*THE TASK*: Copy the data exactly from the line that contains "Lemma fell_compact_uniform P" through the line that contains "by exists (set0, 1); split=> // ? [].", keeping both end lines and leaving out everything else.

*SOURCE MATERIAL*:
Lemma face_midpointr C G x y :
  is_face C G -> C x -> C y -> G (2^-1 *: (x + y)) -> G y.
Proof. by move=> fG Cx Cy; rewrite addrC; exact: face_midpointl fG Cy Cx. Qed.

Section FaceOfCone.
Variables C G : set 'rV[R]_n.
Hypotheses (cC : convex_cone C) (fG : is_face C G).

Let GC : G `<=` C. Proof. by case: fG. Qed.

Let half_double x : 2^-1 *: (0 + 2 *: x) = x :> 'rV[R]_n.
Proof. by rewrite add0r scalerA mulVf ?scale1r // pnatr_eq0. Qed.

Lemma face0 : G 0.
Proof.
have [C0 [_ CZ]] := cC; have [_ [[g Gg] _]] := fG.
apply: (face_midpointl fG C0 (CZ 2 g (ler0n _ 2) (GC Gg))).
by rewrite half_double.
Qed.

Lemma face_double x : G x -> G (2 *: x).
Proof.
move=> Gx; have [C0 [_ CZ]] := cC.
apply: (face_midpointr fG C0 (CZ 2 x (ler0n _ 2) (GC Gx))).
by rewrite half_double.
Qed.

Lemma face_cone : convex_cone G.
Proof.
have [_ [_ [cvG _]]] := fG.
have Gsc01 t x : G x -> 0 <= t -> t <= 1 -> G (t *: x).
  by move=> Gx t0 t1; have := cvG x 0 t Gx face0 t0 t1; rewrite scaler0 addr0.
split; first exact: face0.
split=> [x y Gx Gy|t x t0 Gx].
  have Gm : G (2^-1 *: (x + y)).
    have half : 1 - 2^-1 = 2^-1 :> R by rewrite {1}(splitr 1) mul1r addrK.
    by rewrite scalerDr -{2}half; apply: cvG; rewrite ?invr_ge0 ?invf_le1 ?ler1n.
  by have := face_double Gm; rewrite scalerA mulfV ?pnatr_eq0 // scale1r.
have G2 m : G (2 ^+ m *: x).
  by elim: m => [|m IH]; rewrite ?expr0 ?scale1r // exprS -scalerA; exact: face_double.
have [m tm] : exists m, t <= 2 ^+ m.
  exists (Num.trunc t).+1; apply: le_trans (ltW (truncnS_gt t)) _.
  by rewrite -natrX ler_nat ltnW // ltn_expl.
have pos2m : 0 < 2 ^+ m :> R by rewrite exprn_gt0.
rewrite -[t](divfK (lt0r_neq0 pos2m)) -scalerA; apply: Gsc01 => //.
  by rewrite divr_ge0 // ltW.
by rewrite ler_pdivrMr // mul1r.
Qed.

Lemma face_span z : C z -> Defs.span G z -> G z.
Proof.
move=> Cz [k [c [w [Gw zE]]]].
have [C0 [CD CZ]] := cC; have [G0 [GD GZ]] := face_cone.
pose s := (1 + \sum_(i < k) `|c i|)^-1.
have s0 : 0 < s by rewrite invr_gt0 ltr_wpDr // sumr_ge0.
have sc i : s * c i <= 1.
  rewrite mulrC ler_pdivrMr ?ltr_wpDr ?sumr_ge0 // mul1r.
  apply: le_trans (ler_norm _) _; rewrite (bigD1 i) //= addrCA lerDl.
  by rewrite addr_ge0 ?sumr_ge0.
(* [s z] and [g0 - s z] lie in [C] and average to [g0 / 2], a point of [G]. *)
pose g0 := \sum_(i < k) 1 *: w i.
have Gg0 : G g0 by apply: cone_sum.
have Grest : G (g0 - s *: z).
  rewrite (_ : _ - _ = \sum_(i < k) (1 - s * c i) *: w i).
    by apply: cone_sum => // i; rewrite subr_ge0.
  by rewrite zE scaler_sumr -sumrB; apply: eq_bigr => i _; rewrite scalerBl scalerA.
have Gsz : G (s *: z).
  apply: (face_midpointl fG (CZ _ _ (ltW s0) Cz) (GC Grest)).
  by rewrite addrC subrK; apply: GZ; rewrite ?invr_ge0.
have := GZ s^-1 _ _ Gsz; rewrite scalerA mulVf ?lt0r_neq0 // scale1r; apply.
by rewrite invr_ge0 ltW.
Qed.

Lemma face_eq_dimS H : H `<=` C -> G `<=` H -> dimS G = dimS H -> H `<=` G.
Proof.
move=> HC GH dGH z Hz; apply: face_span; first exact: HC.
have [A [GA [rkA AG]]] := dimS_spec G; have [B [_ [rkB BH]]] := dimS_spec H.
have AB : (A <= B)%MS by apply/row_subP => i; apply: BH; exact: GH.
have /andP [_ BA] : (A == B)%MS by rewrite -(mxrank_leqif_eq AB) rkA rkB dGH.
by apply/(span_submxP GA AG); exact: submx_trans (BH _ Hz) BA.
Qed.

End FaceOfCone.

Lemma face_exposed C E e : convex_cone C -> is_face C E ->
  (forall z, E z -> 0 <= dot e z) -> is_face C (E `&` [set z | dot e z = 0]).
Proof.
move=> cC fE eE; have [EC [_ [cvE _]]] := fE; have [E0 _] := face_cone cC fE.
split; first by move=> x [/EC].
split; first by exists 0; split; rewrite //= dot0r.
split.
  move=> x y t [Ex ex] [Ey ey] t0 t1; split; first exact: cvE.
  by rewrite /= dotDr !dotZr ex ey !mulr0 addr0.
move=> x y Cx Cy [Em em] t t0 t1.
have Ex := face_midpointl fE Cx Cy Em; have Ey := face_midpointr fE Cx Cy Em.
move: em; rewrite /= dotZr dotDr => /eqP; rewrite mulf_eq0 invr_eq0 pnatr_eq0 /=.
move=> /eqP exy; have ex := eE _ Ex; have ey := eE _ Ey.
have [ex0 ey0] : dot e x = 0 /\ dot e y = 0 by split; lra.
split; first by have [_ [_ [_ ]]] := fE; apply.
by rewrite /= dotDr !dotZr ex0 ey0 !mulr0 addr0.
Qed.

Lemma span_perp_self E e : Defs.span E e -> perp E e -> dot e e = 0.
Proof.
move=> [k [c [w [Ew ->]]]] eE.
by rewrite dot_suml big1 // => i _; rewrite dotC eE ?mulr0.
Qed.

End Faces.

Section FaceDimensions.
Variables (R : realType) (n : nat).

Lemma face_dims_gap (C G : set 'rV[R]_n) (i : nat) :
  (i.+1 < size (face_dims C))%N -> is_face C G ->
  (ndim C i <= dimS G <= ndim C i.+1)%N ->
  dimS G = ndim C i \/ dimS G = ndim C i.+1.
Proof.
move=> isz fG /andP [im mi1]; rewrite /ndim in im mi1 *.
set m := dimS G in im mi1 *.
set s := face_dims C in isz im mi1 *.
have ss : sorted ltn s by apply: sorted_filter; [exact: ltn_trans | exact: iota_ltn_sorted].
have ms : m \in s.
  rewrite mem_filter mem_iota add0n ltnS dimS_le leq0n !andbT.
  by apply/asboolP; exists G.
have lt_nth := sorted_ltn_nth ltn_trans 0%N ss.
have ps := ms; rewrite -index_mem in ps.
move: (nth_index 0%N ms); set p := index m s in ps * => pm.
case: (ltngtP p i) => [pi|ip|pi]; last by left; rewrite -pm pi.
  by move: im; rewrite leqNgt -pm lt_nth ?pi // inE ltnW.
case: (ltngtP p i.+1) => [pi1|ip1|pi1]; last by right; rewrite -pm pi1.
  by move: pi1; rewrite ltnS leqNgt ip.
by move: mi1; rewrite leqNgt -pm lt_nth ?ip1.
Qed.

End FaceDimensions.

Definition unit_generator (R : realType) (n : nat) (E G : set 'rV[R]_n) (x : 'rV[R]_n) :=
  dot x x = 1 /\
  forall y, (perp G y /\ dualspan E y) <-> exists t : R, 0 <= t /\ y = t *: x.

Section UnitGenerators.
Variables (R : realType) (n : nat).
Implicit Types (C E G : set 'rV[R]_n) (x : 'rV[R]_n).

Lemma eF_cases E G : unit_generator E G (eF E G) \/ eF E G = 0.
Proof.
have [ex|nex] := pselect (exists x, unit_generator E G x).
  by left; exact: (xgetPex 0 ex).
by right; apply: xgetPN => x xG; apply: nex; exists x.
Qed.

Lemma unit_generator_mem E G x :
  unit_generator E G x -> [/\ perp G x, Defs.dual E x & Defs.span E x].
Proof.
move=> [_ ray]; have [? [? ?]] : perp G x /\ dualspan E x.
  by apply/ray; exists 1; rewrite scale1r.
by [].
Qed.

Lemma eset_unit_generator C j E x : eset C j E x -> x != 0 ->
  exists2 G, calP C j (E, G) & unit_generator E G x.
Proof.
move=> [G cG <-] x0; exists G => //.
by case: (eF_cases E G) => // e0; rewrite e0 eqxx in x0.
Qed.

Lemma unit_generator_dot_le0 E G H x y g : G `<=` E ->
  unit_generator E G x -> unit_generator E H y -> G g -> dot (x - y) g <= 0.
Proof.
move=> GE xG yH Gg; have [xperp _ _] := unit_generator_mem xG.
have [_ yE _] := unit_generator_mem yH.
by rewrite dotBl xperp // sub0r oppr_le0 yE //; exact: GE.
Qed.

Lemma eset_small_eq0 C j E x : eset C j E x -> `|x| < n.+1%:R^-1 -> x = 0.
Proof.
move=> Sx xsmall; apply/eqP; apply: contraT => x0.
have [G _ [x1 _]] := eset_unit_generator Sx x0.
have := dotxx_le_norm x; rewrite x1.
have : `|x| * n.+1%:R < 1 by rewrite -ltr_pdivlMr ?ltr0n // div1r.
have N0 : 0 <= n%:R :> R by [].
have := normr_ge0 x; rewrite -natr1 expr2; nra.
Qed.

End UnitGenerators.

Lemma closed_cluster (T : topologicalType) (F : set_system T) (A : set T) p :
  closed A -> F A -> cluster F p -> A p.
Proof.
by move=> /closure_id cA FA; rewrite clusterE => /(_ A FA); rewrite -cA.
Qed.

Section ClusterPoints.
Variables (R : realType) (n : nat).

Lemma cluster_dot_eq0 (u : nat -> 'rV[R]_n) uu w : cluster (u @ \oo) uu ->
  (forall eta, 0 < eta -> \forall i \near \oo, `|dot (u i) w| <= eta) -> dot uu w = 0.
Proof.
move=> cl small; apply/normr0_eq0/le_anti; rewrite normr_ge0 andbT.
apply/ler_addgt0Pr => eta eta0; rewrite add0r.
have near_u : (u @ \oo) [set v | `|dot v w| <= eta] by exact: small.
apply: (closed_cluster _ near_u cl).
apply: (@preimage_closed _ R (fun v => `|dot v w|) [set r | r <= eta]); last exact: closed_le.
move=> v _; apply: (@continuous_comp _ _ _ (fun v => dot v w) Num.norm).
  exact: continuous_dotl.
exact: (@norm_continuous _ R^o).
Qed.

Lemma compact_unit_sphere : compact [set v : 'rV[R]_n | dot v v = 1].
Proof.
apply: bounded_closed_compact.
  by exists 1; split => // M M1 v /unit_norm_le1 v1; apply: le_trans v1 (ltW M1).
apply: (@preimage_closed _ R^o (fun v => dot v v) [set 1]); last exact: closed_eq.
by move=> v _; apply: continuous_dot => x; exact: (@cvg_id _ (nbhs x)).
Qed.

End ClusterPoints.

Section FellTopology.
Variables (R : realType) (n : nat).
Implicit Types (A G : set 'rV[R]_n) (P : set (set 'rV[R]_n)).

Lemma fell_open_meets (U : set 'rV[R]_n) : open U -> fell_open [set A | A `&` U !=set0].
Proof.
move=> oU A AU; exists 1%N, (fun=> [set B | B `&` U !=set0]).
by split => [_|]; [right; exists U | split => [_|B /(_ ord0)]].
Qed.

Lemma fell_compact_uniform P (Q : R -> set 'rV[R]_n -> Prop) : fell_compact P ->
  (forall d d' G, d' <= d -> Q d G -> Q d' G) ->
  (forall A, P A -> exists N d, [/\ fell_open N, N A, 0 < d & forall G, N G -> Q d G]) ->
  exists2 d, 0 < d & forall G, P G -> Q d G.
Proof.
move=> fcP Qanti local.
have /choice [f fP] : forall A, exists p : set (set 'rV[R]_n) * R,
    [/\ fell_open p.1, P A -> p.1 A, 0 < p.2 & forall G, p.1 G -> Q p.2 G].
  move=> A; have [PA|nPA] := pselect (P A); last first.
    by exists (set0, 1); split=> // ? [].
  by have [N [d [? ? ? ?]]] := local A PA; exists (N, d).
have fopen A : fell_open (f A).1 by case: (fP A).
have fcov A : P A -> (f A).1 A by case: (fP A).
have [k [h cover]] :=
  fcP _ _ fopen (fun A PA => ex_intro (fun B => (f B).1 A) A (fcov A PA)).
exists (\big[Order.min/1]_(m < k) (f (h m)).2).
  apply: (big_ind (fun d => 0 < d)) => // [a b a0 b0|m _]; first by rewrite lt_min a0.
  by case: (fP (h m)).
move=> G /cover [m hmG]; have [_ _ _ Qm] := fP (h m).
by apply: Qanti (Qm _ hmG); exact: bigmin_le.
Qed.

*ANSWER BELOW*:
Lemma fell_compact_uniform P (Q : R -> set 'rV[R]_n -> Prop) : fell_compact P ->
  (forall d d' G, d' <= d -> Q d G -> Q d' G) ->
  (forall A, P A -> exists N d, [/\ fell_open N, N A, 0 < d & forall G, N G -> Q d G]) ->
  exists2 d, 0 < d & forall G, P G -> Q d G.
Proof.
move=> fcP Qanti local.
have /choice [f fP] : forall A, exists p : set (set 'rV[R]_n) * R,
    [/\ fell_open p.1, P A -> p.1 A, 0 < p.2 & forall G, p.1 G -> Q p.2 G].
  move=> A; have [PA|nPA] := pselect (P A); last first.
    by exists (set0, 1); split=> // ? [].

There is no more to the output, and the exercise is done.